Настоящее имя было — Степан Базулин, а все называли в тюрьме — Отец. Прозвали так из-за бороды: была она густая, теплая, цвета медвежьей шкуры.
И весь облик Степана Базулина оправдывал это прозвище. Это был коренастый, крепко сколоченный человек лет сорока пяти, с неторопливыми движениями, с такой же спокойной рассудительной речью. В первые же дни совместной жизни обитатели тюремной камеры сумели оценить его хозяйственность и деловитость, которую Базулин неоднократно проявлял в этом, полном лишений, арестантском общежитии. Его выбрали старостой камеры, и за короткое время, благодаря стараниям Базулииа, в ней появились свечи, исправлены были нары, а на парашах были устроены плотные покрышки.
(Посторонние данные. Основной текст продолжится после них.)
(* Consider the ViSE model described in the context, with $n$ participants, $\ell$ egoists and $g=n-\ell$ group members ($1\le\ell\le n-1$), $\mu\in\mathbb{R}$, $\sigma>0$ and majority threshold $\alpha\in[0,1)$; let $\delta=\ell/n$, $\gamma=\alpha+\delta-1$, $\beta=\ell/(n-\ell)$, and let $t_0$ be the group's claims threshold maximizing the expected one-step capital increment of the society, namely $t_0=\frac{\beta}{F_{\gamma n}-F_{\alpha n}}\big(\mu^+(\mu,\sigma,\ell,\alpha n)-\mu^+(\mu,\sigma,\ell,\gamma n)\big)$. Then: (i) if $\alpha<1-\delta$, then $t_0=\frac{\beta}{1-F_{\alpha n}}\big(\mu^+(\mu,\sigma,\ell,\alpha n)-\mu\big)$; (ii) if $\delta\le\alpha$, then $t_0=-\frac{\beta}{F_{\gamma n}}\,\mu^+(\mu,\sigma,\ell,\gamma n)$; (iii) if $\delta\le\alpha<1-\delta$, then $t_0=-\beta\mu$.
   Context: ViSE model (one voting step). A society consists of $n$ participants: $\ell$ ''egoists'' and $g=n-\ell$ ''group members'', $1\le\ell\le n-1$. Fix $\mu\in\mathbb{R}$, $\sigma>0$, a majority threshold $\alpha$ and a group claims threshold $t\in\mathbb{R}$. A proposal is a random vector $(\zeta_1,\dots,\zeta_n)$ of independent $N(\mu,\sigma^2)$ random variables, $\zeta_i$ being the proposed capital increment of participant $i$. Each egoist votes for the proposal iff his own component is strictly positive. All group members vote for the proposal iff the arithmetic mean of the group members' components is strictly greater than $t$; otherwise they all vote against. The proposal is accepted iff the number of votes for it is strictly greater than $\alpha n$. If accepted, each participant's capital increment equals his component; otherwise it is $0$. $F$ denotes the standard normal distribution function. $p=F(\mu/\sigma)$, $q=1-p$, and for real $\xi$, $F_\xi=\sum_{x=\max(0,[\xi]+1)}^{\ell}\binom{\ell}{x}p^xq^{\ell-x}$ ($[\xi]$ the integer part; empty sum $=0$), the probability that more than $\xi$ egoists vote for the proposal. For integer $\ell\ge1$ and real $\ell_0$, $\mu^+(\mu,\sigma,\ell,\ell_0)=\mathrm{M}\big(\xi_1\cdot\mathbf{1}\{\#\{i:\xi_i>0\}>\ell_0\}\big)$ where $\xi_1,\dots,\xi_\ell$ are i.i.d. $N(\mu,\sigma^2)$. *)

From HB Require Import structures.
From mathcomp Require Import all_boot all_order all_algebra.
From mathcomp Require Import all_classical all_reals all_analysis.
From mathcomp Require Import normal_distribution.
Set Implicit Arguments. Unset Strict Implicit. Unset Printing Implicit Defensive.
Import Order.TTheory GRing.Theory Num.Theory.
Local Open Scope classical_set_scope.
Local Open Scope ring_scope.

Section ViSE.
Context {R : realType}.

Definition std_normal_cdf (x : R) : R := fine (normal_prob 0 1 `]-oo, x]).

(* p = F(mu/sigma): probability that an egoist votes for the proposal. *)
Definition vise_p (mu sigma : R) : R := std_normal_cdf (mu / sigma).

Definition vise_F (mu sigma : R) (l : nat) (xi : R) : R :=
  let p := vise_p mu sigma in
  \sum_(0 <= x < l.+1 | (Num.max 0 (Num.floor xi + 1) <= x%:Z)%R)
     'C(l, x)%:R * p ^+ x * (1 - p) ^+ (l - x).

(* Expectation of h(xi_1,...,xi_k) for xi_i i.i.d. N(mu, sigma^2),
   computed as the iterated integral against the product of the
   normal distributions (first coordinate outermost). *)
Fixpoint gauss_iter (mu sigma : R) (k : nat) (h : seq R -> R) : R :=
  match k with
  | 0 => h [::]
  | k'.+1 => Rintegral (normal_prob mu sigma) setT
               (fun x => gauss_iter mu sigma k' (fun v => h (x :: v)))
  end.

Definition mu_plus (mu sigma : R) (l : nat) (l0 : R) : R :=
  gauss_iter mu sigma l
    (fun v => head 0 v * (if l0 < (count (fun y => 0 < y) v)%:R then 1 else 0)).

End ViSE.

(* If alpha < 1 - delta, the threshold gamma n is negative, so every vote count
   exceeds it: F_(gamma n) = 1 and mu^+(mu, sigma, l, gamma n) = M xi_1 = mu.
   If delta <= alpha, the threshold alpha n is at least l, so no count exceeds
   it: F_(alpha n) = 0 and mu^+(mu, sigma, l, alpha n) = 0.  Substituting into
   t0 gives (i)-(iii).  The only analytic input is that N(mu, sigma^2) has mean
   mu: since -sigma^2 phi is a primitive of (x - mu) phi for the Gaussian kernel
   phi, the positive and negative parts of x - mu have the same finite integral. *)

From HB Require Import structures.
From mathcomp Require Import all_boot all_order all_algebra.
From mathcomp Require Import all_classical all_reals all_analysis.
From mathcomp Require Import normal_distribution.
From mathcomp Require Import measurable_realfun zify ring lra.
Import Order.TTheory GRing.Theory Num.Theory.
Local Open Scope ring_scope.
Import numFieldNormedType.Exports.

Section normal_first_moment.
Context {R : realType}.
Local Open Scope classical_set_scope.

Lemma is_derive_normal_fun (m s x : R) : s != 0 ->
  is_derive x 1 (fun y => - s ^+ 2 * normal_fun m s y) ((x - m) * normal_fun m s x).
Proof.
move=> s0; rewrite /normal_fun; apply: is_derive_eq.
by rewrite scaler0 add0r subr0 !scaler1 /GRing.scale /=; field.
Qed.

Lemma cvgy_normal_fun (m s : R) : s != 0 -> normal_fun m s x @[x --> +oo] --> 0.
Proof.
move=> s0; have k0 : 0 < s ^+ 2 *+ 2 by rewrite pmulrn_lgt0 // exprn_even_gt0.
rewrite /normal_fun.
have -> : (fun x => expR (- (x - m) ^+ 2 / (s ^+ 2 *+ 2))) =
    (fun y => expR (- y)) \o (fun x => (x - m) ^+ 2 / (s ^+ 2 *+ 2)).
  by apply/funext => x /=; rewrite mulNr.
apply: cvg_comp; last exact: cvgr_expR.
apply/cvgryPge => A; near=> x.
have x_ge1 : 1 + m <= x by near: x; apply: nbhs_pinfty_ge; rewrite num_real.
have x_geA : `|A| * (s ^+ 2 *+ 2) + m <= x.
  by near: x; apply: nbhs_pinfty_ge; rewrite num_real.
have A_le : A * (s ^+ 2 *+ 2) <= `|A| * (s ^+ 2 *+ 2) by rewrite ler_pM2r // ler_norm.
rewrite ler_pdivlMr // expr2; nra.
Unshelve. all: by end_near.
Qed.

Lemma continuous_center_normal_fun (m s : R) :
  continuous (fun x => (x - m) * normal_fun m s x).
Proof.
by move=> x; apply/differentiable_continuous/derivable1_diffP; rewrite /normal_fun.
Qed.

Lemma integral_center_normal_fun_itvcy (m s : R) : s != 0 ->
  (\int[lebesgue_measure]_(x in `[m, +oo[) ((x - m) * normal_fun m s x)%:E
   = (s ^+ 2)%:E)%E.
Proof.
move=> s0; have dF x := @is_derive_normal_fun m s x s0.
rewrite (@ge0_continuous_FTC2y _ _ (fun y : R => - s ^+ 2 * normal_fun m s y) m 0).
- by rewrite /normal_fun subrr expr0n /= oppr0 mul0r expR0 mulr1 add0e opprK.
- by move=> x mx; rewrite mulr_ge0 ?subr_ge0 ?normal_fun_ge0.
- exact/continuous_subspaceT/continuous_center_normal_fun.
- rewrite -(mulr0 (- s ^+ 2)); apply: cvgMl_tmp; exact: cvgy_normal_fun.
- by move=> x _; case: (dF x).
- apply: cvg_at_right_filter; case: (dF m) => /derivable1_diffP.
  by move=> /differentiable_continuous.
- by move=> x _; rewrite derive1E; case: (dF x) => _ ->.
Qed.

Lemma integral_center_normal_fun_itvNyc (m s : R) : s != 0 ->
  (\int[lebesgue_measure]_(x in `]-oo, m]) ((m - x) * normal_fun m s x)%:E
   = (s ^+ 2)%:E)%E.
Proof.
move=> s0.
have := @ge0_integration_by_substitutionNy R
  (fun x => (m - x) * normal_fun m s x) (- m).
rewrite opprK => ->.
- rewrite -(integral_center_normal_fun_itvcy (- m) s s0).
  apply: eq_integral => x _ /=; congr EFin.
  by rewrite /normal_fun; congr (_ * expR (- _ / _)); ring.
- apply: continuous_subspaceT => x.
  have -> : (fun x => (m - x) * normal_fun m s x) =
      - (fun x => (x - m) * normal_fun m s x).
    by apply/funext => y /=; rewrite -mulNr opprB.
  exact/continuousN/continuous_center_normal_fun.
- move=> x; rewrite in_itv /= => xm.
  by rewrite mulr_ge0 ?subr_ge0 ?normal_fun_ge0 // ltW.
Qed.

Lemma ge0_integral_normal_prob (m s : R) (f : R -> \bar R) :
  measurable_fun [set: R] f -> (forall x, 0 <= f x)%E ->
  (\int[normal_prob m s]_x f x
   = \int[lebesgue_measure]_x (f x * (normal_pdf m s x)%:E))%E.
Proof.
move=> mf f0; have N_ll := normal_prob_dominates m s.
rewrite -(Radon_Nikodym_SigmaFinite.change_of_variables N_ll f0 measurableT mf).
have mRN : measurable_fun setT (Radon_Nikodym_SigmaFinite.f (normal_prob m s)
    lebesgue_measure).
  exact: measurable_int (Radon_Nikodym_SigmaFinite.f_integrable N_ll).
apply: ae_eq_integral => //.
- exact: emeasurable_funM.
- apply: emeasurable_funM => //; apply/measurable_EFinP.
  exact: measurable_normal_pdf.
- apply: ae_eqe_mul2l; apply: ae_eq_sym; apply: integral_ae_eq => //.
  + exact: integrable_normal_pdf.
  + by move=> E _ mE; rewrite -(Radon_Nikodym_SigmaFinite.f_integral N_ll mE).
Qed.

Lemma integral_normal_prob_funepos_center (m s : R) : s != 0 ->
  (\int[normal_prob m s]_x ((fun x => (x - m)%:E)^\+ x)
   = (normal_peak s * s ^+ 2)%:E)%E.
Proof.
move=> s0; have mG : measurable_fun [set: R] (fun x => (x - m)%:E).
  exact/measurable_EFinP/measurable_funB.
rewrite ge0_integral_normal_prob; last 2 first.
- exact: measurable_funepos.
- by move=> x; exact: funepos_ge0.
rewrite (normal_pdfE _ s0).
transitivity (\int[lebesgue_measure]_(x in `[m, +oo[)
    ((normal_peak s)%:E * ((x - m) * normal_fun m s x)%:E))%E.
  rewrite [RHS]integral_mkcond; apply: eq_integral => x _.
  rewrite funeposE patchE -EFin_max -!EFinM mem_setE in_itv /= andbT.
  have [mx|xm] := leP m x.
    by rewrite (max_idPl _) ?subr_ge0 //; congr EFin; ring.
  by rewrite (max_idPr _) ?mul0r // subr_le0 ltW.
rewrite ge0_integralZl_EFin ?normal_peak_ge0 //.
- by rewrite integral_center_normal_fun_itvcy // -EFinM.
- move=> x; rewrite /= in_itv /= andbT => mx.
  by rewrite lee_fin mulr_ge0 ?subr_ge0 ?normal_fun_ge0.
- apply/measurable_funTS/measurable_EFinP/measurable_funM.
    exact: measurable_funB.
  exact: measurable_normal_fun.
Qed.

Lemma integral_normal_prob_funeneg_center (m s : R) : s != 0 ->
  (\int[normal_prob m s]_x ((fun x => (x - m)%:E)^\- x)
   = (normal_peak s * s ^+ 2)%:E)%E.
Proof.
move=> s0; have mG : measurable_fun [set: R] (fun x => (x - m)%:E).
  exact/measurable_EFinP/measurable_funB.
rewrite ge0_integral_normal_prob; last 2 first.
- exact: measurable_funeneg.
- by move=> x; exact: funeneg_ge0.
rewrite (normal_pdfE _ s0).
transitivity (\int[lebesgue_measure]_(x in `]-oo, m])
    ((normal_peak s)%:E * ((m - x) * normal_fun m s x)%:E))%E.
  rewrite [RHS]integral_mkcond; apply: eq_integral => x _.
  rewrite funenegE patchE -EFinN -EFin_max -!EFinM mem_setE in_itv /=.
  have [xm|mx] := leP x m.
    by rewrite (max_idPl _) ?opprB ?subr_ge0 //; congr EFin; ring.
  by rewrite (max_idPr _) ?mul0r // opprB subr_le0 ltW.
rewrite ge0_integralZl_EFin ?normal_peak_ge0 //.
- by rewrite integral_center_normal_fun_itvNyc // -EFinM.
- move=> x; rewrite /= in_itv /= => xm.
  by rewrite lee_fin mulr_ge0 ?subr_ge0 ?normal_fun_ge0.
- apply/measurable_funTS/measurable_EFinP/measurable_funM.
    exact: measurable_funB.
  exact: measurable_normal_fun.
Qed.

Lemma normal_mean (m s : R) : s != 0 -> Rintegral (normal_prob m s) setT id = m.
Proof.
move=> s0; set G := fun x : R => (x - m)%:E.
have mG : measurable_fun [set: R] G by exact/measurable_EFinP/measurable_funB.
have hp := integral_normal_prob_funepos_center m s s0.
have hn := integral_normal_prob_funeneg_center m s s0.
have iG : (normal_prob m s).-integrable setT (EFin \o (fun x => x - m)).
  apply/integrableP; split; first exact: mG.
  rewrite (_ : (\int[_]_x _ = \int[normal_prob m s]_x (G^\+ x + G^\- x))%E).
    rewrite ge0_integralD //.
    - by rewrite hp hn -EFinD ltry.
    - exact: measurable_funepos.
    - exact: measurable_funeneg.
  by apply: eq_integral => x _; have := congr1 (fun h => h x) (fune_abse G).
have iG0 : (\int[normal_prob m s]_x G x = 0)%E by rewrite integralE hp hn subee.
have -> : id = (fun x => (x - m) + m) by apply/funext => x; rewrite subrK.
rewrite RintegralD //; last exact: finite_measure_integrable_cst.
rewrite Rintegral_cst // [X in m * fine X]probability_setT mulr1.
by rewrite /Rintegral iG0 add0r.
Qed.

End normal_first_moment.

Section vise.
Context {R : realType}.
Implicit Types (mu sigma xi : R) (l : nat).

Lemma eq_gauss_iter mu sigma k (h h' : seq R -> R) :
  (forall v, size v = k -> h v = h' v) ->
  gauss_iter mu sigma k h = gauss_iter mu sigma k h'.
Proof.
elim: k h h' => [|k IH] h h' hh' /=; first exact: hh'.
congr Rintegral; apply/funext => x; apply: IH => v sv.
by apply: hh'; rewrite /= sv.
Qed.

Lemma gauss_iter_cst mu sigma k (c : R) : gauss_iter mu sigma k (fun=> c) = c.
Proof.
elim: k => [|k IH] //=.
by rewrite IH Rintegral_cst // [X in c * fine X]probability_setT mulr1.
Qed.

Lemma vise_F_lt0 mu sigma l xi : xi < 0 -> vise_F mu sigma l xi = 1.
Proof.
move=> xi_lt0; rewrite /vise_F.
have -> : Num.max 0 (Num.floor xi + 1) = 0.
  by apply/max_idPl; rewrite lezD1 floor_lt0.
rewrite (eq_bigl xpredT) //= big_mkord.
transitivity ((1 - vise_p mu sigma + vise_p mu sigma) ^+ l).
  by rewrite exprDn; apply: eq_bigr => i _; rewrite -mulr_natl; ring.
by rewrite subrK expr1n.
Qed.

Lemma vise_F_ge mu sigma l xi : l%:R <= xi -> vise_F mu sigma l xi = 0.
Proof.
move=> l_le_xi; rewrite /vise_F big_nat_cond big1 // => i /andP[/andP[_ i_le_l] hi].
have : Num.floor xi + 1 <= i%:Z by rewrite (le_trans _ hi) // le_max lexx orbT.
have : l%:Z <= Num.floor xi by rewrite floor_ge_int.
lia.
Qed.

Lemma mu_plus_ge mu sigma l (l0 : R) : l%:R <= l0 -> mu_plus mu sigma l l0 = 0.
Proof.
move=> l_le_l0; rewrite /mu_plus (@eq_gauss_iter _ _ _ _ (fun=> 0)).
  exact: gauss_iter_cst.
move=> v sv; have cnt_le : (count (fun y : R => 0 < y) v)%:R <= l%:R :> R.
  by rewrite ler_nat -sv count_size.
by rewrite ifF ?mulr0 //; apply/negbTE; rewrite -leNgt (le_trans cnt_le).
Qed.

Lemma mu_plus_lt0 mu sigma l (l0 : R) : sigma != 0 -> (0 < l)%N -> l0 < 0 ->
  mu_plus mu sigma l l0 = mu.
Proof.
move=> sigma0 l_gt0 l0_lt0; rewrite /mu_plus (@eq_gauss_iter _ _ _ _ (head 0)).
  case: l l_gt0 => // k _ /=; under eq_fun do rewrite gauss_iter_cst.
  exact: normal_mean.
by move=> v _; rewrite ifT ?mulr1 // (lt_le_trans l0_lt0).
Qed.

End vise.

Theorem mainTheorem4 (R : realType) (n l : nat) (mu sigma alpha : R) :
  (1 <= l)%N -> (l <= n - 1)%N -> 0 < sigma -> 0 <= alpha -> alpha < 1 ->
  let delta := l%:R / n%:R in
  let gamma := alpha + delta - 1 in
  let beta := l%:R / (n - l)%:R in
  let t0 := beta / (vise_F mu sigma l (gamma * n%:R) - vise_F mu sigma l (alpha * n%:R))
            * (mu_plus mu sigma l (alpha * n%:R) - mu_plus mu sigma l (gamma * n%:R)) in
  (alpha < 1 - delta ->
     t0 = beta / (1 - vise_F mu sigma l (alpha * n%:R))
          * (mu_plus mu sigma l (alpha * n%:R) - mu)) /\
  (delta <= alpha ->
     t0 = - (beta / vise_F mu sigma l (gamma * n%:R)) * mu_plus mu sigma l (gamma * n%:R)) /\
  (delta <= alpha < 1 - delta -> t0 = - (beta * mu)).
Proof.
move=> l_gt0 l_lt_n sigma_gt0 _ _ delta gamma beta t0.
have n_gt0 : 0 < n%:R :> R by rewrite ltr0n; lia.
have delta_n : delta * n%:R = l%:R by rewrite /delta divfK // gt_eqF.
have gamma_regime : alpha < 1 - delta -> vise_F mu sigma l (gamma * n%:R) = 1 /\
    mu_plus mu sigma l (gamma * n%:R) = mu.
  move=> alpha_lt; have gamma_n_lt0 : gamma * n%:R < 0 by rewrite /gamma; nra.
  by rewrite vise_F_lt0 // mu_plus_lt0 // gt_eqF.
have alpha_regime : delta <= alpha -> vise_F mu sigma l (alpha * n%:R) = 0 /\
    mu_plus mu sigma l (alpha * n%:R) = 0.
  move=> delta_le; have l_le_alpha_n : l%:R <= alpha * n%:R by nra.
  by rewrite vise_F_ge // mu_plus_ge.
split; [|split]; rewrite /t0.
- by move=> /gamma_regime[-> ->].
- by move=> /alpha_regime[-> ->]; rewrite subr0 sub0r mulrN mulNr.
- by move=> /andP[/alpha_regime[-> ->] /gamma_regime[-> ->]]; rewrite subr0 sub0r divr1 mulrN.
Qed.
Отец был самым уважаемым человеком среди обитателей камеры. К нему обращались в случае каких-либо споров, и
слово его всегда было решающим, обязательным для спорщиков. Он не любил расспросов о преступлении, им.учиненном, угрюмо и резко обрывал в таких случаях любопытных.
Однако преступление его стало известно заключенным со слов арестанта Иоськи Каца, по кличке Глиста, у которого было общее «дело» со Степаном Базулиным. Оба они темной ночью ограбили и убили городского купца, помышлявшего скрыться с упрятанными ценностями от реквизиционного отряда новой власти.
Шел тогда буйный девятнадцатый год, и походь его на Украйне была свободной и лютой, а человек — в меньшей цене, чем его штиблет и сорочка. Городского купца легко было убить, но так же легко было отдать за его кошелек свою жизнь.
Вспоминая о военном трибунале, судившем его, Степан Базулин говорил потом коротко и с усмешкой:
— Попали мы с Иоськой в народное происшествие.
Его и Иоську привели из тюрьмы в зал здешнего, смири-хинского театра, посадили возле перегородки, за которой обычно сидел театральный оркестр, приставили стражу.
Степан Базулин закурил молчаливо цигарку и, как и его товарищ, стал оглядывать зал. В нем — человечья запруда: на всех скамьях и стульях, в проходах, у стенок, на окнах — сиде ли и стояли вплотную друг к другу люди, с нескрываемым любопытством вперившие свои взоры на скамью подсудимых.
Иоське было неприятно это людское любопытство, и он с досадой спросил караульного красноармейца:
— Чего они понаперли, товарищ? Что это им — карусель, не понимаю?…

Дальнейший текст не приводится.